Data extract START

(* Fix a positive integer $N$. For every $\epsilon>0$ there exists $K_\epsilon>0$ such that for every Riemann integrable $\varphi:\mathbb T\to\mathbb C$, $$\limsup_{\substack{q\to\infty\\ d(q)\le N}}\frac{1}{\phi(q)}\Big|\big\{p\in\mathbb Z_q^\times: q^{-1/2}|g_\varphi(p,q)|>K_\epsilon\big\}\Big|\le\epsilon\,\|\varphi\|_2^2 .$$
   Context: $\mathbb T=\mathbb R/\mathbb Z$; $\|\varphi\|_2$ is the $L^2(\mathbb T)$ norm. $d(q)$ is the number of positive divisors of $q$. $\mathbb Z_q^\times=\{p\in\{1,\dots,q\}:\gcd(p,q)=1\}$, $\phi(q)=|\mathbb Z_q^\times|$. $e_q(x)=e^{2\pi i x/q}$ and $g_\varphi(p,q)=\sum_{h=0}^{q-1}\varphi(h/q)\,e_q(ph^2)$. *)

From Stdlib Require Import Reals List Arith.
From Coquelicot Require Import Coquelicot.
Import ListNotations.
Open Scope R_scope.

Definition ndiv (q : nat) : nat :=
  length (filter (fun d => Nat.eqb (q mod d) 0) (seq 1 q)).

Definition units_list (q : nat) : list nat :=
  filter (fun p => Nat.eqb (Nat.gcd p q) 1) (seq 1 q).

Definition eulerphi (q : nat) : nat := length (units_list q).

Definition eq_ (q : nat) (x : R) : C :=
  (cos (2 * PI * x / INR q), sin (2 * PI * x / INR q)).

Fixpoint Csum (n : nat) (f : nat -> C) : C :=
  match n with
  | O => 0%C
  | S m => Cplus (Csum m f) (f m)
  end.

(* g_phi(p,q) = sum_{h=0}^{q-1} phi(h/q) e_q(p h^2) *)
Definition gauss (phi : R -> C) (p q : nat) : C :=
  Csum q (fun h => Cmult (phi (INR h / INR q)) (eq_ q (INR (p * h * h)))).

(* ||phi||_2^2 on T = R/Z, identified with [0,1] *)
Definition L2sq (phi : R -> C) : R := RInt (fun x => (Cmod (phi x)) ^ 2) 0 1.

Definition large_count (phi : R -> C) (K : R) (q : nat) : nat :=
  length (filter (fun p => if Rlt_dec K (Cmod (gauss phi p q) / sqrt (INR q))
                           then true else false) (units_list q)).

(* functions on T = R/Z: 1-periodic functions R -> C *)
Definition periodic1 (phi : R -> C) : Prop := forall x, phi (x + 1) = phi x.

From Stdlib Require Import Reals Lra List RList Lia ZArith Znumtheory Bool.
From Coquelicot Require Import Coquelicot.
From mathcomp Require ssreflect ssrbool eqtype ssrnat seq div prime bigop.
Open Scope R_scope.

Data extract END

§ **What to work on**: The answer must be the line containing "Fixpoint Csum (n" and every line after it to the end of the data, each set down exactly.

§ **Answer section**:
Fixpoint Csum (n : nat) (f : nat -> C) : C :=
  match n with
  | O => 0%C
  | S m => Cplus (Csum m f) (f m)
  end.

(* g_phi(p,q) = sum_{h=0}^{q-1} phi(h/q) e_q(p h^2) *)
Definition gauss (phi : R -> C) (p q : nat) : C :=
  Csum q (fun h => Cmult (phi (INR h / INR q)) (eq_ q (INR (p * h * h)))).

(* ||phi||_2^2 on T = R/Z, identified with [0,1] *)
Definition L2sq (phi : R -> C) : R := RInt (fun x => (Cmod (phi x)) ^ 2) 0 1.

Definition large_count (phi : R -> C) (K : R) (q : nat) : nat :=
  length (filter (fun p => if Rlt_dec K (Cmod (gauss phi p q) / sqrt (INR q))
                           then true else false) (units_list q)).

(* functions on T = R/Z: 1-periodic functions R -> C *)
Definition periodic1 (phi : R -> C) : Prop := forall x, phi (x + 1) = phi x.

From Stdlib Require Import Reals Lra List RList Lia ZArith Znumtheory Bool.
From Coquelicot Require Import Coquelicot.
From mathcomp Require ssreflect ssrbool eqtype ssrnat seq div prime bigop.
Open Scope R_scope.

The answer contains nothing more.